This February, the annual Presidential Lecture series will mark 175 years of the University of Iowa with presentations on the achievements of three of Iowa's most notable programs.
In advance of the lectures, Iowa Magazine asked the faculty speakers to share how Iowa's strong historic contributions in their respective fields will help shape the future. Here's how they responded.
Craig Kletzing, Donald A. and Marie B. Gurnett Chair and professor of physics and astronomy
The University of Iowa Department of Physics and Astronomy has a long history in providing spaceflight instruments to NASA missions. This extends all the way back to the beginning of space measurements on Explorer 1. The tradition continues with a wide range of missions both in space plasma and astronomy. The hire of a number of young, outstanding faculty over the past few years has ensured a bright future for the UI's leading role in U.S. space science research.
Christopher Merrill, director of the International Writing Program and professor of English
The University of Iowa's 175th anniversary coincides with the 100th anniversary of a revolutionary change in higher education, which was set in motion by Graduate College Dean Carl Seashore's decision in 1922 to accept creative work as a thesis for an advanced degree. Two early recipients of this new degree, Paul Engle (32MA) and Wallace Stegner (32MA, 35PhD), not only succeeded as writers but directed or founded the most consequential writing programs in this country—the Iowa Writers' Workshop, the International Writing Program, and Stanford University's Stegner Fellowships.
These programs inspired the migration of writers into academia, here and abroad, and now there are more than 350 graduate creative writing programs in this country, which offer students a variety of ways to serve apprenticeships in the art and craft of writing poetry, fiction, nonfiction, and plays. The UI came to be known as the Writing University, and in 2008 Iowa City was designated the first UNESCO City of Literature in North America.
The study of creativity is central to discussions of craft; hence in workshops and seminars, readings and panel discussions, writers explore the deeper promptings of the spirit, determined to make sense of their experience, researched, remembered, or imagined. "The creative process is the process of change, of development, of evolution, in the organization of subjective life," wrote the poet and scholar Brewster Ghiselin, who visited the UI long ago to see how writers practice what he called "the life of discovery." No telling where it may lead.
Patricia Winokur (88R, 91F), executive dean of the Roy J. and Lucille A. Carver College of Medicine, physician and professor of internal medicine-infectious diseases, and leader of Iowa's COVID-19 vaccine clinical trials
University of Iowa Health Care boasts a rich history, dating back to the first medical school class on campus in 1870.
The original Medical Department was open to men and women, making Iowa one of the first coeducational medical schools in the nation—and ostensibly the first such college west of the Mississippi River. Eight of the 37 students in the first class were women; today, women represent half of the Carver College of Medicine's class of MD students.
The completion of a new University Hospital in 1928— following the construction several years earlier of a state psychiatric hospital, children's hospital, nurses' dormitory, and medical laboratories building—firmly established the medical campus west of the Iowa River, bringing more patients and more clinical teaching opportunities.
Medical breakthroughs and programs of national distinction would follow. Iowa was home to one of the nation's first blood banks in 1939. Buffered aspirin was developed at the university in 1944. One of the world's first institutes devoted to agricultural health and safety was established at Iowa in 1955. In the 1960s, UI medical faculty ushered in the modern era of bariatric surgery. The Cardiovascular Research Center, established in 1974, yielded important findings related to cardiovascular regulation, hypertension, and vascular biology.

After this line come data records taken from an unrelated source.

Theorem lemma8 (R : realType) (d : nat) (G : R) (theta : 'rV[R]_d) (h : R -> R)
  (hG : 0 < G) (heven : even_fun h) (hconv : convex_fun h)
  (hinc : increasing_on_nonneg h)
  (hd : d = 1%N \/
        [/\ (1 < d)%N,
            (forall x : R, derivable h x 1),
            (forall x : R, derivable (derive1 h) x 1) &
            (forall x : R, 0 < x -> derive1 h x / x < derive1 (derive1 h) x)]) :
  let val := (h (enorm theta + G) + h (enorm theta - G)) / 2 in
  let wstar := ((h (enorm theta + G) - h (enorm theta - G)) / (2 * G)) *: unit_dir theta in
  [/\ (* max_g H(w*, g) <= val *)
      (forall g, enorm g <= G -> game h theta wstar g <= val),
      (* every w has max_g H(w, g) >= val, so val = min_w max_g H and w* attains it *)
      (forall w, exists2 g, enorm g <= G & val <= game h theta w g),
      (* w* is the unique minimizer *)
      (forall w, w != wstar -> exists2 g, enorm g <= G & val < game h theta w g) &
      (* any such g* is a maximizer of H(w*, .) over the ball *)
      (forall gs, `|dotv theta gs| = G * enorm theta -> enorm gs = G ->
         forall g, enorm g <= G -> game h theta wstar g <= game h theta wstar gs)].
Proof.
move=> val wstar.
have d_gt0 : (0 < d)%N by case: hd => [-> | [/ltnW]].
have wstar_le g : enorm g <= G -> game h theta wstar g <= val.
  by apply: game_ws_le_val.
have wstar_eq gs : `|dotv theta gs| = G * enorm theta -> enorm gs = G ->
    game h theta wstar gs = val.
  by apply: game_ws_maximizer.
have beats w : w != wstar -> exists2 g, enorm g <= G & val < game h theta w g.
  by apply: game_gt_of_neq.
split => //.
- move=> w; have [->|/beats[g gG /ltW]] := eqVneq w wstar; last by exists g.
  have [gs [theta_gs gsG]] := exists_maximizer R d G theta hG d_gt0.
  by exists gs; rewrite ?gsG ?wstar_eq.
- by move=> gs theta_gs gsG g gG; rewrite (wstar_eq gs) //; exact: wstar_le.
Qed.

Research and clinical advances—in blinding eye diseases, cystic fibrosis, genetics, orthopedics, otolaryngology, and psychiatry, among others—helped strengthen Iowa's reputation as a center of innovation and collaboration. More recently, the multidisciplinary Iowa Neuroscience Institute and Pappajohn Biomedical Institute at Iowa have made medical research and discovery a university-wide effort.

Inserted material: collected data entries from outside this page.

Lemma simplex_minimal : minimal_code G.
Proof.
move=> c c' /codewordsP[x ->] /codewordsP[y ->] c_nz c'_nz supp_sub.
have x_nz : x != 0 by apply: contraNneq c_nz => ->; rewrite mul0mx.
have [l y_eq] : exists l, y = l *: x.
  apply: rV_proportional x_nz _ => v xv0.
  have [->|v_nz] := eqVneq v 0; first by rewrite mulmx0 mxE.
  have [j [[a v_eq] _]] := G_simplex.2 v v_nz.
  have a_nz : a != 0 by apply: contraNneq v_nz => a0; rewrite v_eq a0 scale0r.
  have entry (z : 'rV_m) : (z *m v) 0 0 = a * (z *m G) 0 j.
    by rewrite v_eq -scalemxAr mxE [in RHS]mulmx_entry_col.
  move: xv0; rewrite !entry => /eqP; rewrite mulf_eq0 (negPf a_nz) /= => xj0.
  have : j \notin supp (y *m G) by apply/negP => /(subsetP supp_sub); rewrite inE xj0.
  by rewrite inE negbK => /eqP->; rewrite mulr0.
exists l; last by rewrite y_eq scalemxAl.
by apply: contraNneq c'_nz => l0; rewrite y_eq l0 scale0r mul0mx.
Qed.

Lemma simplex_codeword_wt c : c \in codewords G -> c != 0 -> wt c = (q ^ m.-1)%N.
Proof.
move=> /codewordsP[x ->] c_nz; apply: simplex_wt.
by apply: contraNneq c_nz => ->; rewrite mul0mx.
Qed.

End Simplex.

Section Extension.
Variables (F : finFieldType) (k n n' : nat) (a : 'rV[F]_n') (R : 'M[F]_(k, n)).

Lemma mul_ext_mx (x : 'rV_k) (i0 : 'I_k) : i0 = 0 :> nat ->
  x *m ext_mx a R = row_mx (x 0 i0 *: a) (x *m R).
Proof.
move=> i0E; rewrite mul_mx_row; congr row_mx; apply/rowP => j.
rewrite !mxE (bigD1 i0) //= !mxE i0E eqxx big1 ?addr0 // => i ne_i_i0.
rewrite mxE; case: eqP => [i_0 | _]; last by rewrite mulr0.
by case/eqP: ne_i_i0; apply: val_inj; rewrite /= i_0 i0E.
Qed.

Lemma row_free_ext_mx : row_free R -> row_free (ext_mx a R).
Proof.
move=> R_free; rewrite /row_free eqn_leq rank_leq_row /=.
have extK : ext_mx a R *m col_mx 0 1%:M = R by rewrite mul_row_col mulmx0 mulmx1 add0r.
by rewrite -{1}(eqP R_free) -[X in (\rank X <= _)%N]extK mxrankM_maxl.
Qed.

Lemma minimal_ext_mx : row_free R -> minimal_code R -> minimal_code (ext_mx a R).
Proof.
move=> R_free R_min c c' /codewordsP[x ->] /codewordsP[y ->] c_nz c'_nz supp_sub.
rewrite !(mulmx_free_eq0 _ (row_free_ext_mx R_free)) in c_nz c'_nz.
have [l l_nz yR_eq] : exists2 l, l != 0 & y *m R = l *: (x *m R).
  apply: R_min; rewrite ?mem_codewords ?(mulmx_free_eq0 _ R_free) //.
  apply/subsetP => j; have := subsetP supp_sub (rshift n' j).
  by rewrite !inE !mul_mx_row !row_mxEr.
exists l => //; have -> : y = l *: x.
  by apply: (row_free_inj R_free); rewrite yR_eq scalemxAl.
by rewrite scalemxAl.
Qed.

Hypothesis a_full : forall j, a 0 j != 0.

Lemma wt_mul_ext_mx (x : 'rV_k) (i0 : 'I_k) : i0 = 0 :> nat ->
  wt (x *m ext_mx a R) = (wt (x *m R) + (x 0%R i0 != 0%R) * n')%N.
Proof. by move=> i0E; rewrite (mul_ext_mx _ i0E) wt_row_mx wt_scale_full // addnC. Qed.

End Extension.

Section ExtendedSimplex.
Variables (F : finFieldType) (m N : nat) (G R : 'M[F]_(m, N)).
Hypotheses (m_gt1 : (1 < m)%N) (G_simplex : simplex_gen G) (R_basis : ext_basis G R).
Variable a : 'rV[F]_(ext_len G).
Hypothesis a_full : forall j, a 0 j != 0.
Local Notation q := #|F|.
Local Notation w := (q ^ m.-1)%N.
Local Notation n' := (ceil_div w (q - 1)).

(* [ext_mx] prepends [a] to row [i0]; [e_i1] is a nonzero message vanishing at
   [i0], which is where [m >= 2] is needed. *)
Let i0 : 'I_m := Ordinal (ltnW m_gt1).
Let i1 : 'I_m := Ordinal m_gt1.

Let q_gt1 : (1 < q)%N. Proof. exact: card_finNzRing_gt1. Qed.
Let q1_gt0 : (0 < q - 1)%N. Proof. by rewrite subn_gt0. Qed.
Let w_gt0 : (0 < w)%N. Proof. by rewrite expn_gt0 ltnW. Qed.
Let n'_gt0 : (0 < n')%N.
Proof.
have := leq_ceil_div w q1_gt0; rewrite lt0n.
by apply: contraTneq => ->; rewrite -ltnNge.
Qed.
Let q_mul_w : (q * w = (q - 1) * w + w)%N.
Proof. by rewrite mulnBl mul1n subnK // leq_pmull // ltnW. Qed.

Let R_free : row_free R. Proof. by case: R_basis. Qed.
Let codewordsRG : codewords R = codewords G.
Proof. by case: R_basis => _ /codewords_eqmx. Qed.

Let delta_nz (i : 'I_m) : delta_mx 0 i != 0 :> 'rV[F]_m.
Proof. by apply/rV0Pn; exists i; rewrite mxE !eqxx oner_eq0. Qed.

Let wt_mulR x : wt (x *m R) = ((x != 0%R) * w)%N.
Proof.
have [->|x_nz] := eqVneq x 0; first by rewrite mul0mx wt0.
rewrite mul1n (simplex_codeword_wt G_simplex) -?codewordsRG ?mem_codewords //.
by rewrite mulmx_free_eq0.
Qed.

Lemma simplex_wmax : wmax G = w.
Proof.
apply: wmax_eq => [c cG|].
  by have [->|c_nz] := eqVneq c 0; rewrite ?wt0 ?(simplex_codeword_wt G_simplex).
exists (delta_mx 0 i0 *m R); rewrite -?codewordsRG ?mem_codewords //.
by rewrite wt_mulR delta_nz mul1n.
Qed.

Lemma simplex_wmin : wmin G = w.
Proof.
apply: wmin_eq => [c cG c_nz|]; first by rewrite (simplex_codeword_wt G_simplex).
exists (delta_mx 0 i0 *m R); rewrite -?codewordsRG ?mem_codewords //.
by rewrite wt_mulR mulmx_free_eq0 ?delta_nz ?mul1n.
Qed.

Lemma ext_len_simplex : ext_len G = n'.
Proof.
by rewrite /ext_len simplex_wmax simplex_wmin q_mul_w ceil_divMDl // addKn.
Qed.

Local Notation C' := (ext_mx a R).

Lemma wt_ext_simplex x : wt (x *m C') =
  if x == 0 then 0%N else if x 0 i0 == 0 then w else (w + n')%N.
Proof.
rewrite (wt_mul_ext_mx R a_full x (_ : i0 = 0 :> nat)) // wt_mulR -ext_len_simplex.
have [->|x_nz] := eqVneq x 0; first by rewrite mxE eqxx.
by case: eqP => _ /=; rewrite ?addn0 ?mul1n.
Qed.

Lemma ext_simplex_wmax : wmax C' = (w + n')%N.
Proof.
apply: wmax_eq => [c /codewordsP[x ->]|].
  by rewrite wt_ext_simplex; case: ifP => // _; case: ifP => // _; rewrite leq_addr.
exists (delta_mx 0 i0 *m C'); rewrite ?mem_codewords //.
by rewrite wt_ext_simplex (negPf (delta_nz _)) mxE !eqxx oner_eq0.
Qed.

Lemma ext_simplex_wmin : wmin C' = w.
Proof.
apply: wmin_eq => [c /codewordsP[x ->] c_nz|].
  rewrite wt_ext_simplex ifN; last by apply: contraNneq c_nz => ->; rewrite mul0mx.
  by case: ifP => // _; rewrite leq_addr.
exists (delta_mx 0 i1 *m C'); rewrite ?mem_codewords //.
rewrite mulmx_free_eq0 ?row_free_ext_mx // delta_nz wt_ext_simplex (negPf (delta_nz _)).
by rewrite mxE eqxx /= eqxx.
Qed.

Lemma ext_simplex_rank : \rank C' = m.
Proof. exact/eqP/row_free_ext_mx. Qed.

Lemma ext_simplex_minimal : minimal_code C'.
Proof.
apply: minimal_ext_mx R_free _ => c c'; rewrite !codewordsRG.
exact: simplex_minimal.
Qed.

Lemma ext_simplex_not_AB : ~~ AB_condition C'.
Proof.
rewrite /AB_condition ext_simplex_wmax ext_simplex_wmin -leqNgt mulnDr q_mul_w.
by rewrite leq_add2l mulnC leq_ceil_div.
Qed.

Lemma ext_simplex_weight_class t :
  [set x : 'rV_m | wt (x *m C') == t] =
  if t == 0%N then [set 0]
  else if t == w then [set x : 'rV_m | x 0 i0 == 0] :\ 0
  else if t == (w + n')%N then ~: [set x : 'rV_m | x 0 i0 == 0]
  else set0.
Proof.
have w_nz : w != 0%N by rewrite -lt0n w_gt0.
have wn_nz : (w + n' != 0)%N by rewrite addn_eq0 negb_and w_nz.
have wn_w : (w + n' != w)%N by rewrite -[X in _ != X]addn0 eqn_add2l -lt0n n'_gt0.
have [->|t0] := eqVneq t 0%N; last have [->|tw] := eqVneq t w;
  last have [->|twn] := eqVneq t (w + n')%N;
  apply/setP => x; rewrite !inE wt_ext_simplex;
  case: (eqVneq x 0) => [x0|_]; rewrite ?x0 ?mxE ?eqxx //=;
  case: (eqVneq (x 0 i0) 0) => _ /=; rewrite ?eqxx //; apply/negbTE.
all: by [|rewrite eq_sym].
Qed.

And when the coronavirus pandemic emerged in 2020, UI Health Care experts quickly launched COVID-19 testing and treatment services and helped broaden understanding of the novel coronavirus among the scientific community and the general public. To have physician Stanley Perlman—a world-renowned authority on the biology and immunology of coronaviruses— guiding the country on what we should expect from different vaccines and therapeutics is remarkable. In addition, our clinical researchers helped generate data for antivirals, monoclonal antibodies, and various COVID-19 vaccines that led to the FDA approval of these products in record time. Our campus and state should be proud of all the innovations, flexibility, and hard work exhibited by our faculty, staff, and students during the pandemic.
Today, research is a hallmark of UI Health Care, garnering over $283 million in external funding in fiscal year 2021. And through collaborations with providers and health systems across the state, clinical education remains central to teaching and training resident and fellow physicians as well as students in MD and other Carver College of Medicine degree programs. Combined with comprehensive and nationally ranked adult and pediatric patient care services on campus and across the state, UI Health Care is poised to continue serving Iowans—and the world—well into the future.